Saturday, April 23, 2022

The time comes

My mother's life-long friend has declined into dementia.  She was fine until she had hip replacement surgery.  Since that she has just faded away.  I always liked her.  She had such a fund of stories and lore, vivacious and always a pleasure to be around.  My mother has known her since they were children, both early boomers, and now.... When my mother called her the other day she thought she was her daughter.  It seemed like she did not remember my mother at all, but then suddenly she asked when she was coming to pick her up because they were late for some play that they had gone together to see at the Pasadena Playhouse in the 1970s.  Then she lapsed into mumbling and after a few  minutes my mother told her good-bye.  There was a certain finality in the way she said it.

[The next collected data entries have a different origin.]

(* Let $X,Y$ be compact metric spaces, and let $A\subseteq X$, $B\subseteq Y$ be closed subsets such that $A$ contains every isolated point of $X$ and $B$ contains every isolated point of $Y$. Let $I(X,A)$ and $I(Y,B)$ be constructed as described in the context (with arbitrary choices of the enumerations). Then every homeomorphism $g:X\to Y$ with $g[A]=B$ extends to a homeomorphism $I(X,A)\to I(Y,B)$. Conversely, if $f:I(X,A)\to I(Y,B)$ is a homeomorphism, then $f[X]=Y$ and $f[A]=B$.
   Context: For a compact metric space $X$ and a closed subset $A\subseteq X$ containing all isolated points of $X$, $I(X,A)\subseteq X\times[0,1]$ is defined as follows: let $(d_n)_{n\in\mathbb{N}}$ (with $\mathbb{N}=\{1,2,\dots\}$) enumerate, with each term repeated infinitely often, a countable dense subset of $A$; set $\widetilde{a}_n=(d_n,\tfrac1n)$ and $I(X,A)=(X\times\{0\})\cup\{\widetilde{a}_1,\widetilde{a}_2,\dots\}$. This is a compact subset of $X\times[0,1]$, and $X$ is identified with $X\times\{0\}$ (so that $f[X]$, $f[A]$ refer to these copies). $I(Y,B)$ is defined analogously from $Y,B$. *)

From HB Require Import structures.
From mathcomp Require Import all_boot all_order all_algebra.
From mathcomp Require Import all_classical all_reals all_analysis.
Set Implicit Arguments. Unset Strict Implicit. Unset Printing Implicit Defensive.
Import Order.TTheory GRing.Theory Num.Theory.
Import numFieldNormedType.Exports.
Local Open Scope classical_set_scope.
Local Open Scope ring_scope.

(* An admissible enumeration of A: a sequence d (d 0, d 1, ... standing for
   d_1, d_2, ...) whose range is a countable dense subset of A and in which
   every term is repeated infinitely often. *)
Definition admissible_enum {T : topologicalType} (A : set T) (d : nat -> T) :=
  [/\ range d `<=` A,
      A `<=` closure (range d) &
      forall n N : nat, exists2 m : nat, (N <= m)%N & d m = d n].

(* I(X,A) as a subset of X * R (it lies in X * [0,1]):
   X * {0} together with the points (d_n, 1/n), n = 1, 2, ...
   (with 0-based d : nat -> X, the n-th point is (d n, 1/(n+1))). *)
Definition Ispace {R : realType} {T : topologicalType} (d : nat -> T)
  : set (T * R) :=
  [set p | p.2 = 0] `|` range (fun n : nat => (d n, (n.+1%:R)^-1)).
(* Let ${\rm F}_5\subset\mathbb{P}^3(\mathbb{C})$ be the Fermat quintic $x^5-y^5-z^5+w^5=0$. The maximal number of pairwise disjoint lines contained in ${\rm F}_5$ is $13$. *)

From mathcomp Require Import all_boot all_algebra.
From mathcomp Require Import complex.
From mathcomp Require Import reals Rstruct.
Set Implicit Arguments. Unset Strict Implicit. Unset Printing Implicit Defensive.
Import GRing.Theory.
Local Open Scope ring_scope.

Definition C : numClosedFieldType := (Rdefinitions.R)[i].

Definition cx (v : 'rV[C]_4) : C := v ord0 (@Ordinal 4 0 isT).
Definition cy (v : 'rV[C]_4) : C := v ord0 (@Ordinal 4 1 isT).
Definition cz (v : 'rV[C]_4) : C := v ord0 (@Ordinal 4 2 isT).
Definition cw (v : 'rV[C]_4) : C := v ord0 (@Ordinal 4 3 isT).

Definition fermat5 (v : 'rV[C]_4) : C :=
  cx v ^+ 5 - cy v ^+ 5 - cz v ^+ 5 + cw v ^+ 5.

(* A line of P^3(C) is a 2-dimensional linear subspace of C^4. *)
Definition is_line (L : {vspace 'rV[C]_4}) : Prop := \dim L = 2%N.

Definition line_on_F5 (L : {vspace 'rV[C]_4}) : Prop :=
  is_line L /\ forall v, v \in L -> fermat5 v = 0.

(* Two lines of P^3 are disjoint iff the corresponding planes of C^4
   meet only in 0. *)
Definition disjoint_lines (L1 L2 : {vspace 'rV[C]_4}) : Prop :=
  (L1 :&: L2)%VS = 0%VS.

Definition disjoint_family_on_F5 (s : seq {vspace 'rV[C]_4}) : Prop :=
  [/\ uniq s, (forall L, L \in s -> line_on_F5 L) &
      (forall L1 L2, L1 \in s -> L2 \in s -> L1 != L2 -> disjoint_lines L1 L2)].
Lemma R1_mul_R_R1_mul y : a ** R (a ** y) = 0.
Proof.
have [c anti] := gmul_nil_anticomm y (RB_image_nil gone).
have R_ay : R (a ** y) = 2%:R^-1 *: (a ** R y - R y ** a)
    + 2%:R^-1 *: ((2%:R * gscalar y) *: R a + c *: R gtop).
  rewrite (half_diff_add (a ** y) (y ** a) two_neq0) anti linearD !linearZZ.
  by rewrite -(RB_commute_one gmul1l gmul1r RB) (linearD R) !linearZZ.
rewrite R_ay gmulDr !gmulZr gmulBr gmulDr !gmulZr R1_mul_R1_mul_image.
rewrite gmulA gmul_nil_sandwich ?RB_image_nil // RR1_mulr RB_image_nil R1_mul_Rtop.
by rewrite scale0r subr0 !scaler0 addr0 scaler0 addr0.
Qed.

Lemma RB_cube0 y : R (R (R y)) = 0.
Proof.
have RR z : R (R z) = a ** R z - R (a ** z).
  by rewrite (RB_onel gmul1l RB) [_ + R (R z)]addrC addrK.
rewrite (RR (R y)) R_mul_R1_image subr0 (RR y) gmulBr.
by rewrite R1_mul_R1_mul_image R1_mul_R_R1_mul subr0.
Qed.

End RotaBaxterGr3.

Definition rb_extremal (x : G) : G :=
  gscalar x *: (gbasis (set3 true false false) + gbasis (set3 false true true))
  + x (set3 true false false) *: gtop.

Lemma rb_extremal_is_linear : linear rb_extremal.
Proof.
move=> k x y; rewrite /rb_extremal /gscalar !ffunE.
by rewrite !scalerDl !scalerDr !scalerA addrACA.
Qed.

HB.instance Definition _ :=
  GRing.isLinear.Build F G G *:%R rb_extremal rb_extremal_is_linear.

Lemma gscalar_rb_extremal x : gscalar (rb_extremal x) = 0.
Proof.
by rewrite /gscalar /rb_extremal /gtop set0_set3 setT_set3; coord_simpl; ring.
Qed.

Lemma rb_extremal1 x : rb_extremal x (set3 true false false) = gscalar x.
Proof. rewrite /rb_extremal /gtop setT_set3; coord_simpl; ring. Qed.

Lemma rb_extremal_nil x :
  gscalar x = 0 -> rb_extremal x = x (set3 true false false) *: gtop.
Proof. by rewrite /rb_extremal => ->; rewrite scale0r add0r. Qed.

After she hung up, my mother said that she always talked to her as much as she could whenever she could because she knew some day they would not be able to.  One or the other would have this happen to them, or simply pass away.  And this day was the day.  Her friend was gone.  Alive in body for some while longer, but gone.  Then she looked at me and said, "Always talk to me.  It doesn't matter about what, just let us be together.  One day, one day soon, will be the last time we ever do, and we don't know when that will be.  I will miss not talking to you so much when I am gone."  Tears welled up in my eyes and felt an overwhelming wave of sadness, yet I was at a loss for words. I wanted to talk, to say what I felt to her, but I could not.